Task → Write out the stretch of lines below that begins at the line with "have g_in := clone_gen_add S_add f_in" and ends at the line with "Lemma mono4_ind2_pairl n", including both, exactly as given and nothing more.

Dataset entries →
··········

Lemma combo_form_scale am bm ak bk R L s t cs :
  combo_form am bm ak bk R L s t cs = R * combo_form am bm ak bk 1 L s t cs.
Proof.
rewrite /combo_form mulr_sumr; apply: eq_bigr => e _.
by rewrite mulrnAr /pair_form; congr (_ *+ _); ring.
Qed.

Lemma combo_m_form bm ak bk R L s t :
  combo_form true bm ak bk R L s t combo_m = 4 * ind2 s * (t * R).
Proof.
rewrite combo_form_scale.
suff -> : combo_form true bm ak bk 1 L s t combo_m = 4 * ind2 s * t by ring.
rewrite /combo_form !big_cons big_nil.
apply/eqP; move: L; apply: Z8_all; move: t; apply: Z8_all; move: s; apply: Z8_all.
by case: bm; case: ak; case: bk; vm_compute.
Qed.

Lemma combo_k_form bm ak bk R L s t :
  combo_form true bm ak bk R L s t combo_k = 4 * ind2 t * (s * R).
Proof.
rewrite combo_form_scale.
suff -> : combo_form true bm ak bk 1 L s t combo_k = 4 * ind2 t * s by ring.
rewrite /combo_form !big_cons big_nil.
apply/eqP; move: L; apply: Z8_all; move: t; apply: Z8_all; move: s; apply: Z8_all.
by case: bm; case: ak; case: bk; vm_compute.
Qed.

Definition combo_term n a b c (m k : 'I_n) (e : combo) (x : 'I_n -> Z8) : Z8 :=
  G1fun a b c (subst2 x m k (affine e.1.2 (x m) (x k)) (affine e.2 (x m) (x k)))
  *+ e.1.1.

Lemma combo_term_sum n a b c (x : 'I_n -> Z8) m k cs : m != k ->
  \sum_(e <- cs) combo_term a b c m k e x =
  combo_form (a m) (b m) (a k) (b k) (prod_off2 x m k) (sum_off2 a b c x m k)
    (x m) (x k) cs.
Proof. by move=> mk; apply: eq_bigr => e _; rewrite /combo_term G1fun_subst2. Qed.

Section Generation.

Variable S : op -> Prop.
Hypothesis S_add : S add_op.
Hypothesis S_const : forall c, S (const_op c).

Lemma clone_gen_affine n (m k : 'I_n.+1) p :
  clone_gen S (mkop (fun x => affine p (x m) (x k))).
Proof.
have proj_in l k' : clone_gen S (@mkop n.+1 (fun x => x l *+ k')).
  exact: clone_gen_muln (cg_proj S l).
apply: clone_gen_ext (clone_gen_add S_add
  (clone_gen_add S_add (proj_in m p.1.1) (proj_in k p.1.2))
  (clone_gen_const S_const n p.2%:R)) _ => x.
by [].
Qed.

Lemma clone_gen_combo n a b c (m k : 'I_n.+1) cs :
  clone_gen S (mkop (G1fun a b c)) ->
  clone_gen S (mkop (fun x => \sum_(e <- cs) combo_term a b c m k e x)).
Proof.
move=> f_in; apply: (clone_gen_sum S_add S_const cs (F := combo_term a b c m k)) => e.
apply: (clone_gen_muln S_add S_const (F := fun x => G1fun a b c
  (subst2 x m k (affine e.1.2 (x m) (x k)) (affine e.2 (x m) (x k))))).
apply: cg_comp (ltn0Sn n) f_in _ => l; rewrite /subst2.
case: (l == m); first exact: clone_gen_affine.
case: (l == k); [exact: clone_gen_affine | exact: cg_proj].
Qed.

Lemma clone_gen_mono4_ind2_arity1 (a b : 'I_1 -> bool) c :
  a ord0 -> clone_gen S (mkop (G1fun a b c)) -> clone_gen S (mkop (mono4 (ord0 : 'I_1) ind2)).
Proof.
(* With s the weight, 4 [x = 2 mod 4] = f (x + b) - 2 s (x + b) over Z_8. *)
move=> a0 f_in.
have g_in := clone_gen_add S_add f_in
  (clone_gen_muln S_add S_const (14 * G1_weight a b c) (cg_proj S ord0)).
have shift_in (j : 'I_1) := clone_gen_add S_add (cg_proj S ord0)
  (clone_gen_const S_const 0 (nat_of_bool (b ord0))%:R).
apply: clone_gen_ext (cg_comp (ltn0Sn 0) g_in shift_in) _ => x /=.
rewrite /G1fun /mono4 /G1_weight !big_ord1 big_mkcond big_ord1 eqxx a0 /=.
move: (x ord0) (b ord0) => x0 b0; clear f_in g_in shift_in.
by case: c => [[|[|[|[|?]]]] ?] //; case: b0; apply/eqP; move: x0; apply: Z8_all; vm_compute.
Qed.

Lemma mono4_ind2_pairl n (x : 'I_n -> Z8) m k : m != k ->
  mono4 m ind2 x = 4 * ind2 (x m) * (x k * prod_off2 x m k).
Proof. by move=> mk; rewrite /mono4 (bigD1 k) 1?eq_sym. Qed.

Lemma mono4_ind2_pairr n (x : 'I_n -> Z8) m k : m != k ->
  mono4 k ind2 x = 4 * ind2 (x k) * (x m * prod_off2 x m k).
Proof.
move=> mk; rewrite /mono4 (bigD1 m) //= /prod_off2.
by under eq_bigl do rewrite andbC.
Qed.

Lemma clone_gen_mono4_ind2 n (a b : 'I_n.+1 -> bool) c :
  (exists m, a m) -> clone_gen S (mkop (G1fun a b c)) ->
  forall i : 'I_n.+1, clone_gen S (mkop (mono4 i ind2)).
Proof.
case: n a b c => [|n] a b c [m am] f_in i.
  by rewrite ord1 in am; rewrite (ord1 i); exact: clone_gen_mono4_ind2_arity1 am f_in.
have combo_in (m' k' : 'I_n.+2) cs := clone_gen_combo m' k' cs f_in.
have [-> | im] := eqVneq i m.
  have [k mk] : exists k : 'I_n.+2, m != k.
    by case: (eqVneq m ord0) => [->|]; [exists ord_max | exists ord0].
  apply: clone_gen_ext (combo_in m k combo_m) _ => x.
  by rewrite combo_term_sum // (mono4_ind2_pairl _ mk) am combo_m_form.
have mi : m != i by rewrite eq_sym.
apply: clone_gen_ext (combo_in m i combo_k) _ => x.
by rewrite combo_term_sum // (mono4_ind2_pairr _ mi) am combo_k_form.
Qed.

End Generation.

Section MonomialClone.

Variable S : op -> Prop.
Hypothesis S_add : S add_op.
Hypothesis S_const : forall c, S (const_op c).
Variable n : nat.
Hypothesis mono4_in : forall i : 'I_n.+1, clone_gen S (mkop (mono4 i ind2)).

Lemma clone_gen_mono4_shift (i : 'I_n.+1) s :
  clone_gen S (mkop (mono4 i (fun z => ind2 (z + s)))).
Proof.
have shift_in (l : 'I_n.+1) :
    clone_gen S (mkop (fun x : 'I_n.+1 -> Z8 => if l == i then x l + s else x l)).
  case: (l == i); last exact: cg_proj.
  exact: clone_gen_ext (clone_gen_add S_add (cg_proj S l) (clone_gen_const S_const n s)) _.
apply: clone_gen_ext (cg_comp (ltn0Sn n) (mono4_in i) shift_in) _ => x /=.
by rewrite /mono4 eqxx; congr (_ * _); apply: eq_bigr => j /negbTE ->.
Qed.

Lemma clone_gen_four_prod : clone_gen S (mkop (fun x : 'I_n.+1 -> Z8 => 2 * two_prod x)).
Proof.
apply: clone_gen_ext (clone_gen_add S_add
  (clone_gen_mono4_shift ord0 1) (clone_gen_mono4_shift ord0 3)) _ => x.
rewrite /mono4 /two_prod [in RHS](bigD1 ord0) //=; set p := \prod_(j < n.+1 | j != ord0) x j.
have -> : 2 * (2 * (x ord0 * p)) = 4 * x ord0 * p by ring.
by rewrite (mul4_ind2_shifts (x ord0)); ring.
Qed.

Lemma clone_gen_mono4_sum (a b : 'I_n.+1 -> bool) : clone_gen S (mkop (mono4_sum a b)).
Proof.
have ind23_in (i : 'I_n.+1) : clone_gen S (mkop (mono4 i ind23)).
  apply: clone_gen_ext (clone_gen_add S_add (mono4_in i) (clone_gen_mono4_shift i 3)) _.
  by move=> x; rewrite /mono4 /ind23; ring.
apply: (clone_gen_sum S_add S_const (index_enum 'I_n.+1)
  (F := fun i x => (a i)%:R * mono4 i ind2 x + (b i)%:R * mono4 i ind23 x)) => i.
apply: clone_gen_ext (clone_gen_add S_add (clone_gen_muln S_add S_const (a i) (mono4_in i))
  (clone_gen_muln S_add S_const (b i) (ind23_in i))) _ => x.
by rewrite !mulr_natl.
Qed.

End MonomialClone.

Definition first_var n : 'I_n.+1 -> bool := fun i => i == ord0.
Definition no_var n : 'I_n -> bool := fun=> false.

Lemma G1fun_first_sqr n c (x : 'I_n.+1 -> Z8) :
  G1fun (@first_var n) (@no_var n.+1) c x = two_prod x * (x ord0 ^+ 2 + (val c)%:R).
Proof.
rewrite /G1fun -/(two_prod x) (bigD1 ord0) //= big1 => [|i /negbTE i0]; last first.
  by rewrite /first_var i0 mul0r.
by rewrite big1 => [|i _]; [rewrite mul1r !addr0 | rewrite mul0r].
Qed.

Definition w_fun n (x : 'I_n.+1 -> Z8) : Z8 :=
  2 * ((\prod_(i < n.+1) x i) * (x ord0 ^+ 2 + 1)).
Definition q_fun n (x : 'I_n.+1 -> Z8) : Z8 :=
  2 * (x ord0 ^+ 3 * \prod_(i < n.+1 | i != ord0) x i).

Lemma w_fun_G1 n (x : 'I_n.+1 -> Z8) :
  w_fun x = G1fun (@first_var n) (@no_var n.+1) (Ordinal (isT : 1 < 4)%N) x.
Proof. by rewrite G1fun_first_sqr /w_fun /two_prod mulrA. Qed.

Lemma q_fun_G1 n (x : 'I_n.+1 -> Z8) :
  q_fun x = G1fun (@first_var n) (@no_var n.+1) (Ordinal (isT : 0 < 4)%N) x.
Proof.
by rewrite G1fun_first_sqr /q_fun /two_prod [\prod_(i < n.+1) x i](bigD1 ord0) //=; ring.
Qed.

Lemma w_fun_decomp n (x : 'I_n.+1 -> Z8) : w_fun x = 2 * two_prod x + mono4 ord0 ind2 x.
Proof. by rewrite w_fun_G1 G1fun_first_sqr mulrDr mulr1 two_prod_mul_sqr; ring. Qed.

··········

Solution →
have g_in := clone_gen_add S_add f_in
  (clone_gen_muln S_add S_const (14 * G1_weight a b c) (cg_proj S ord0)).
have shift_in (j : 'I_1) := clone_gen_add S_add (cg_proj S ord0)
  (clone_gen_const S_const 0 (nat_of_bool (b ord0))%:R).
apply: clone_gen_ext (cg_comp (ltn0Sn 0) g_in shift_in) _ => x /=.
rewrite /G1fun /mono4 /G1_weight !big_ord1 big_mkcond big_ord1 eqxx a0 /=.
move: (x ord0) (b ord0) => x0 b0; clear f_in g_in shift_in.
by case: c => [[|[|[|[|?]]]] ?] //; case: b0; apply/eqP; move: x0; apply: Z8_all; vm_compute.
Qed.

Lemma mono4_ind2_pairl n (x : 'I_n -> Z8) m k : m != k ->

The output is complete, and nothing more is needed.